Suppose you are sitting outside in the dark and the video camera in the mobile is ON. If the clouds are lightning again and again, will this damage the video camera? As our eyes can get damaged by light (not thunder but maybe very intense light), I thought maybe the mobile camera can get damaged too.


2 Answers 2


Basically, no.

Of course there is some luminous intensity above which the cell sensor will die, but I don't think Lightning will get there.

  • Lightning only lasts about 30 micro-seconds so the absorbed energy per pixel is actually quite small
  • You observe lightning from a great distance (intensity drops off at the square of the distance)
  • The PRP (pulse repetition period) is extremely high compared to the pulse-width (e.g. low energy waveform)

Let's do some math...

According to the National Oceanic and Atmospheric Administration (NOAA) the average lightning bolt contains enough energy to light a 100W incandescent bulb for 3 months.

That's almost a billion (777,600,000) Joules of electrical energy

Only a small fraction of that energy is converted to optical energy (light), just like the incandescent (~3%).

16 lumen/Watt,electrical

1/683 lumen/Watt,optical

2.35% Watt,electrical --> Watt,optical

~18,200,000 Joules,optical per lightning strike (typical)

Assuming you are 1km from the lightning bolt (VERY CLOSE!), the emitted optical energy is spread over the surface of a sphere

100,000 cm in 1km

Area = 4 Pi r^2 = 125,660,000,000 cm^2

Irradiance = Energy / Area = 0.00015 Joules,optical/cm^2

Here is the human eye safety limit for collimated polarized light.

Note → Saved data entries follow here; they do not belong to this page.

(* Let $\bar\alpha=(\alpha_1,\dots,\alpha_n)$ and $\bar z=(z_1,\dots,z_k)$ be sequences of pairwise distinct complex numbers. For every $(\boldsymbol l,\boldsymbol m)\in\mathcal Z_{kn}$, the subspace $\mathfrak P_{kn}[\boldsymbol l,\boldsymbol m]\subset\mathfrak P_{kn}$ is invariant under $\pi^{\langle n\rangle}_{\bar z}(\mathcal B^{\langle n\rangle}_{\bar\alpha})$ and under $\pi^{\langle k\rangle}_{-\bar\alpha}(\mathcal B^{\langle k\rangle}_{\bar z})$.
   Context: $\mathfrak P_{kn}$ is the space of polynomials in pairwise anticommuting variables $\xi_{ai}$ ($a\le k$, $i\le n$); the left derivation $\partial_{ai}$ sends a monomial $\xi_{c_1}\cdots\xi_{c_l}$ to $(-1)^{s-1}$ times the monomial with the $s$-th factor removed if $c_s=(a,i)$, and to $0$ otherwise. $\pi^{\langle n\rangle}_{\bar z}(e^{\langle n\rangle}_{ij}\otimes t^s)=\sum_a z_a^s\xi_{ai}\partial_{aj}$ and $\pi^{\langle k\rangle}_{-\bar\alpha}(e^{\langle k\rangle}_{ab}\otimes t^s)=\sum_i(-\alpha_i)^s\xi_{ai}\partial_{bi}$ define actions of $\mathfrak{gl}_n[t]$ and $\mathfrak{gl}_k[t]$. $\mathcal Z_{kn}$ is the set of $(\boldsymbol l,\boldsymbol m)\in\mathbb Z_{\ge0}^k\times\mathbb Z_{\ge0}^n$ with $l_a\le n$, $m_i\le k$, $\sum_al_a=\sum_im_i$; $\mathfrak P_{kn}[\boldsymbol l,\boldsymbol m]$ is spanned by monomials $\prod\xi_{ai}^{d_{ai}}$, $d_{ai}\in\{0,1\}$, with $\sum_ad_{ai}=m_i$ and $\sum_id_{ai}=l_a$. Bethe algebra: for $\mathfrak{gl}_N[t]$ with generators $e_{ij}$ and $g(x)=\sum_{s\ge0}(g\otimes t^s)x^{-s-1}$, and pairwise distinct $\bar\beta\in\mathbb C^N$, write $\operatorname{rdet}\bigl((\tfrac d{dx}-\beta_i)\delta_{ij}-e_{ji}(x)\bigr)_{i,j=1}^N=(d/dx)^N+\sum_iB_i(x)(d/dx)^{N-i}$ (powers of $d/dx$ on the right, $\operatorname{rdet}A=\sum_\sigma(-1)^\sigma a_{1\sigma(1)}\cdots a_{N\sigma(N)}$), $B_i(x)=\sum_{j\ge0}B_{ij}x^{-j}$; $\mathcal B^{\langle N\rangle}_{\bar\beta}$ is the subalgebra of $U(\mathfrak{gl}_N[t])$ generated by the $B_{ij}$, $j\ge1$. *)

From HB Require Import structures.
From mathcomp Require Import all_boot all_order all_algebra all_fingroup.
From mathcomp Require Import Rstruct complex.
From Stdlib Require Reals.

Set Implicit Arguments.
Unset Strict Implicit.
Unset Printing Implicit Defensive.

Import Order.TTheory GRing.Theory Num.Theory.
Local Open Scope ring_scope.

Definition Cplx : fieldType := Rdefinitions.R[i].

(* differential operators  sum_p c_p(x) (d/dx)^p  (powers of d/dx on  *)
(* the right), all over a (possibly noncommutative) ring A.           *)
Section DiffOps.
Variable A : pzRingType.

(* a series f stands for  sum_{j>=0} f j * x^{-j} *)
Definition series := nat -> A.

Definition ser0 : series := fun _ => 0.
Definition ser1 : series := fun j => if j == 0%N then 1 else 0.
Definition serC (a : A) : series := fun j => if j == 0%N then a else 0.
Definition seradd (f g : series) : series := fun j => f j + g j.
Definition seropp (f : series) : series := fun j => - f j.
Definition sermul (f g : series) : series :=
  fun j => \sum_(m < j.+1) f m * g (j - m)%N.
Definition sermuln (f : series) (c : nat) : series := fun j => f j *+ c.
(* d/dx applied to a series:  d/dx x^{-j} = -j x^{-j-1} *)
Definition serD (f : series) : series :=
  fun j => if j is j'.+1 then - (f j' *+ j') else 0.

(* a differential operator: the p-th entry is the coefficient of (d/dx)^p *)
Definition dop := seq series.

Definition dcoef (P : dop) (p : nat) : series := nth ser0 P p.

Definition dop0 : dop := [::].
Definition dop1 : dop := [:: ser1].
Definition dopD : dop := [:: ser0; ser1].
Definition dopS (f : series) : dop := [:: f].

Definition dadd (P Q : dop) : dop :=
  mkseq (fun p => seradd (dcoef P p) (dcoef Q p)) (maxn (size P) (size Q)).
Definition dopp (P : dop) : dop := map seropp P.

(* (c (d/dx)^p) (d (d/dx)^q) = sum_r binom(p,r) c d^{(r)} (d/dx)^{p-r+q} *)
Definition dmul_term (P Q : dop) (s j p q r : nat) : A :=
  if (p - r + q)%N == s then
    sermul (dcoef P p) (iter r serD (dcoef Q q)) j *+ 'C(p, r)
  else 0.

Definition dmul (P Q : dop) : dop :=
  mkseq (fun s => fun j : nat =>
    \sum_(p < size P) \sum_(q < size Q) \sum_(r < p.+1)
      dmul_term P Q s j p q r)
    (size P + size Q).

Definition rdet (N : nat) (M : 'I_N -> 'I_N -> dop) : dop :=
  foldr dadd dop0
    [seq (let t := foldr (fun i acc => dmul (M i (s i)) acc) dop1 (enum 'I_N) in
          if odd_perm s then dopp t else t) | s : 'S_N <- enum [set: 'S_N]].

(* Given the images  rep i j s  of  e_ij (x) t^s  in A and the scalars
   beta_i (already embedded in A), the matrix
   ((d/dx - beta_i) delta_ij - e_ji(x))_{ij},  e_ji(x) = sum_s e_ji t^s x^{-s-1}. *)
Definition gen_series (N : nat) (rep : 'I_N -> 'I_N -> nat -> A)
    (i j : 'I_N) : series :=
  fun l => if l is s.+1 then rep i j s else 0.

Definition bethe_matrix (N : nat) (rep : 'I_N -> 'I_N -> nat -> A)
    (beta : 'I_N -> A) (i j : 'I_N) : dop :=
  dadd (if i == j then dadd dopD (dopS (serC (- beta i))) else dop0)
       (dopp (dopS (gen_series rep j i))).

(* rdet = (d/dx)^N + sum_i B_i(x) (d/dx)^{N-i},  B_i(x) = sum_j B_ij x^{-j};
   this is the image of B_ij under the representation. *)
Definition bethe_coef (N : nat) (rep : 'I_N -> 'I_N -> nat -> A)
    (beta : 'I_N -> A) (i j : nat) : A :=
  dcoef (rdet (bethe_matrix rep beta)) (N - i) j.

End DiffOps.

Inductive gen_alg (F : fieldType) (d : nat) (G : 'M[F]_d -> Prop)
    : 'M[F]_d -> Prop :=
  | ga_gen M : G M -> gen_alg G M
  | ga_one : gen_alg G 1%:M
  | ga_scale c M : gen_alg G M -> gen_alg G (c *: M)
  | ga_add M1 M2 : gen_alg G M1 -> gen_alg G M2 -> gen_alg G (M1 + M2)
  | ga_mul M1 M2 : gen_alg G M1 -> gen_alg G M2 -> gen_alg G (M1 *m M2).

(* Image of the Bethe algebra B^<N>_beta under a representation rep of gl_N[t]:
   the subalgebra generated by the images of B_ij, 1 <= i <= N, j >= 1. *)
Definition bethe_image (F : fieldType) (d N : nat)
    (rep : 'I_N -> 'I_N -> nat -> 'M[F]_d) (beta : 'I_N -> F) : 'M[F]_d -> Prop :=
  gen_alg (fun M => exists i j : nat,
             [/\ (1 <= i <= N)%N, (1 <= j)%N &
                 M = bethe_coef rep (fun a => (beta a)%:M) i j]).

(* The Grassmann algebra P_kn with anticommuting generators xi_{ai}.  *)
(* Basis: monomials = subsets S of 'I_k * 'I_n, each written as the   *)
(* product of its variables in increasing order (order = enum_rank).  *)
(* P_kn = 'cV[F]_(dimP k n), basis vector r <-> subset enum_val r.   *)
Section Grassmann.
Variables (F : fieldType) (k n : nat).

Definition var := ('I_k * 'I_n)%type.
Definition monT := {set var}.
Definition dimP := #|{: monT}|.
Definition mon (r : 'I_dimP) : monT := enum_val (r : 'I_#|{: monT}|).
Definition varlt (u v : var) : bool := (enum_rank u < enum_rank v)%N.
Lemma is_derive_sqr_max0 (u : R) :
  is_derive u 1 (fun z : R => Num.max 0 z ^+ 2) (2 * Num.max 0 u).
Proof.
have [u_lt0|u_gt0|->] := ltgtP u 0.
- rewrite mulr0; apply: near_eq_is_derive (is_derive_cst 0 u 1).
  by near do rewrite /= max_l ?expr0n ?ltW //; exact: lt_nbhsl.
- apply: near_eq_is_derive (is_derive_eq (is_deriveX 2 (is_derive_id u 1)) _).
    by near do rewrite /= max_r ?ltW //; exact: lt_nbhsr.
  by rewrite /= expr1 [_%:A]mulr1.
- (* at 0 the difference quotient max(0, z)^2 / z is max(0, z) *)
  rewrite mulr0; apply/is_derive1_caratheodory.
  exists (fun z => Num.max 0 z); split; last by rewrite maxxx.
  + by move=> z; rewrite maxxx expr0n /= subr0 subr0 max0_mulr_id.
  + exact: (@continuous_max R R (cst 0) id 0 (cvg_cst _) cvg_id).
Unshelve. all: by end_near.
Qed.

Lemma is_derive_coord {m n} {x : R -> 'M[R]_(m, n)} {t : R} {xd : 'M[R]_(m, n)} i j :
  is_derive t 1 x xd -> is_derive t 1 (fun s => x s i j) (xd i j).
Proof.
move=> [dx <-].
have q := cvg_comp _ _ dx (@coord_continuous R m n i j ('D_1 x t)).
suff q' : (fun h => h^-1 *: (((fun s => x s i j) \o shift t) h%:A - x t i j)) @ 0^'
          --> 'D_1 x t i j.
  by split; [exact: cvgP q' | exact: cvg_lim q'].
by apply: cvg_trans q; apply: near_eq_cvg; near=> h; rewrite /= !mxE.
Unshelve. all: by end_near.
Qed.

Lemma is_derive_sum_fun {n} {h : 'I_n -> R -> R} {t : R} {dh : 'I_n -> R} :
  (forall i, is_derive t 1 (h i) (dh i)) ->
  is_derive t 1 (fun s => \sum_(i < n) h i s) (\sum_(i < n) dh i).
Proof. by move=> /is_derive_sum; rewrite fct_sumE. Qed.

End Derivatives.

Section BNN.
Context {R : realType} (U : 'M[R]_4).

Definition avg_payoff_rate (x xd : 'rV[R]_4) : R :=
  \sum_(i < 4) (x 0 i * payoff U xd i + payoff U x i * xd 0 i).

Definition lyap (x : 'rV[R]_4) : R := 2^-1 * \sum_(i < 4) excess U x i ^+ 2.

Definition lyap_rate (x xd : 'rV[R]_4) : R :=
  \sum_(i < 4) excess U x i * (payoff U xd i - avg_payoff_rate x xd).

Section Trajectory.
Variables (x : R -> 'rV[R]_4) (t : R) (xd : 'rV[R]_4).
Hypothesis dx : is_derive t 1 x xd.

Lemma is_derive_payoff i :
  is_derive t 1 (fun s => payoff U (x s) i) (payoff U xd i).
Proof.
apply: is_derive_sum_fun => j.
by have := is_deriveZ (U i j) (is_derive_coord 0 j dx).
Qed.

Lemma is_derive_avg_payoff :
  is_derive t 1 (fun s => avg_payoff U (x s)) (avg_payoff_rate (x t) xd).
Proof.
apply: is_derive_sum_fun => i.
by have := is_deriveM (is_derive_coord 0 i dx) (is_derive_payoff i).
Qed.

Lemma is_derive_lyap : is_derive t 1 (lyap \o x) (lyap_rate (x t) xd).
Proof.
have dk i := is_derive1_comp (is_derive_sqr_max0 _)
  (is_deriveB (is_derive_payoff i) is_derive_avg_payoff).
rewrite (_ : lyap_rate _ _ = 2^-1 *: \sum_i (2 * excess U (x t) i *
                              (payoff U xd i - avg_payoff_rate (x t) xd))).
  by have := is_deriveZ 2^-1 (is_derive_sum_fun dk).
rewrite /lyap_rate [RHS]mulr_sumr; apply: eq_bigr => i _.
by rewrite mulrA mulrA mulVf ?pnatr_eq0 // mul1r.
Qed.

End Trajectory.

Lemma bnn_sum {x : 'rV[R]_4} : \sum_(i < 4) x 0 i = 1 -> \sum_(i < 4) bnn U x 0 i = 0.
Proof.
move=> x_sum; under eq_bigr do rewrite mxE.
by rewrite sumrB -mulr_suml x_sum mul1r subrr.
Qed.

Lemma lyap_rate_bnn (x : 'rV[R]_4) : \sum_(i < 4) x 0 i = 1 ->
  lyap_rate x (bnn U x) =
  avg_payoff U (bnn U x) - (\sum_(i < 4) excess U x i) * \sum_(i < 4) excess U x i ^+ 2.
Proof.
move=> x_sum.
set k := excess U x; set K := \sum_i k i; set S := \sum_i k i ^+ 2.
set xd := bnn U x; set a := avg_payoff U x.
have xdE i : xd 0 i = k i - x 0 i * K by rewrite mxE.
have xd_sum : \sum_i xd 0 i = 0 := bnn_sum x_sum.
have x_gap : \sum_i x 0 i * (payoff U x i - a) = 0.
  under eq_bigr do rewrite mulrBr.
  by rewrite sumrB -mulr_suml x_sum mul1r subrr.
have k_gap : \sum_i k i * (payoff U x i - a) = S.
  by apply: eq_bigr => i _; exact: max0_mulr_id.
have xd_payoff : \sum_i payoff U x i * xd 0 i = S.
  have -> : \sum_i payoff U x i * xd 0 i =
            \sum_i k i * (payoff U x i - a) - K * \sum_i x 0 i * (payoff U x i - a)
            + a * \sum_i xd 0 i.
    by rewrite !mulr_sumr -sumrB -big_split; apply: eq_bigr => i _ /=; rewrite xdE; ring.
  by rewrite k_gap x_gap xd_sum !mulr0 subr0 addr0.
have k_payoff : \sum_i k i * payoff U xd i =
                avg_payoff U xd + K * \sum_i x 0 i * payoff U xd i.
  rewrite /avg_payoff mulr_sumr -big_split; apply: eq_bigr => i _ /=.
  by rewrite xdE; ring.
rewrite /lyap_rate /avg_payoff_rate.
under eq_bigr do rewrite mulrBr.
by rewrite sumrB -mulr_suml -/K k_payoff big_split xd_payoff /=; ring.
Qed.

End BNN.

Section ReducedRate.
Context {R : realFieldType}.

Definition reduced_rate (e y0 y1 y2 k0 k1 k2 : R) : R :=
  let K := k0 + k1 + k2 in
  (1 - e) / 2 * ((k0 - K / 3 - K * y0) ^+ 2 + (k1 - K / 3 - K * y1) ^+ 2
                 + (k2 - K / 3 - K * y2) ^+ 2)
  - K * (k0 ^+ 2 + k1 ^+ 2 + k2 ^+ 2).

Lemma sqr_sum3_ge (u0 u1 u2 : R) : 0 <= u0 -> 0 <= u1 -> 0 <= u2 ->
  u0 ^+ 2 + u1 ^+ 2 + u2 ^+ 2 <= (u0 + u1 + u2) ^+ 2.
Proof. by move=> u0_ge0 u1_ge0 u2_ge0; nra. Qed.

Lemma sqrB_ge (u v : R) : u ^+ 2 / 2 - v ^+ 2 <= (u - v) ^+ 2.
Proof. by have := sqr_ge0 (u - 2 * v); nra. Qed.

Lemma sqr_le_of_norm_lt {y c : R} : `|y| < c -> y ^+ 2 <= c ^+ 2.
Proof.
rewrite ltr_norml => /andP[? ?].
have : 0 <= (c - y) * (c + y) by apply: mulr_ge0; lra.
by nra.
Qed.

Lemma sum_sqr_le_of_sum0 {l0 l1 l2 d : R} : l0 + l1 + l2 = 0 ->
  l0 <= d -> l1 <= d -> l2 <= d -> l0 ^+ 2 + l1 ^+ 2 + l2 ^+ 2 <= 6 * d ^+ 2.
Proof.
move=> l_sum l0_le l1_le l2_le.
have := @sqr_sum3_ge (d - l0) (d - l1) (d - l2); rewrite !subr_ge0.
have -> : d - l0 + (d - l1) + (d - l2) = 3 * d by rewrite -[RHS]subr0 -l_sum; ring.
move=> /(_ l0_le l1_le l2_le).
have -> : (d - l0) ^+ 2 + (d - l1) ^+ 2 + (d - l2) ^+ 2
          = 3 * d ^+ 2 - 2 * d * (l0 + l1 + l2) + (l0 ^+ 2 + l1 ^+ 2 + l2 ^+ 2) by ring.
by rewrite l_sum mulr0 subr0; lra.
Qed.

enter image description here

The average lightning bolt lasts 30 microseconds (same NOAA citation used above). Therefore the maximum safe irradiance from a lightning bolt is:

.035 * 30e-6 = 3e-7 J/cm^2

The cell phone sensor (let's use an iPhone1) has 2048 pixels in 0.358 cm:

1/(2048/0.358) = 1.75 micron width of a pixel

= 1.75^2 micron^2 area of a pixel

pixel area / illumination sphere = 2.43e-19

The amount of the original almost billion Joules of electrical energy that reaches an individual pixel in your imager is about 1/2.43e-19 times smaller!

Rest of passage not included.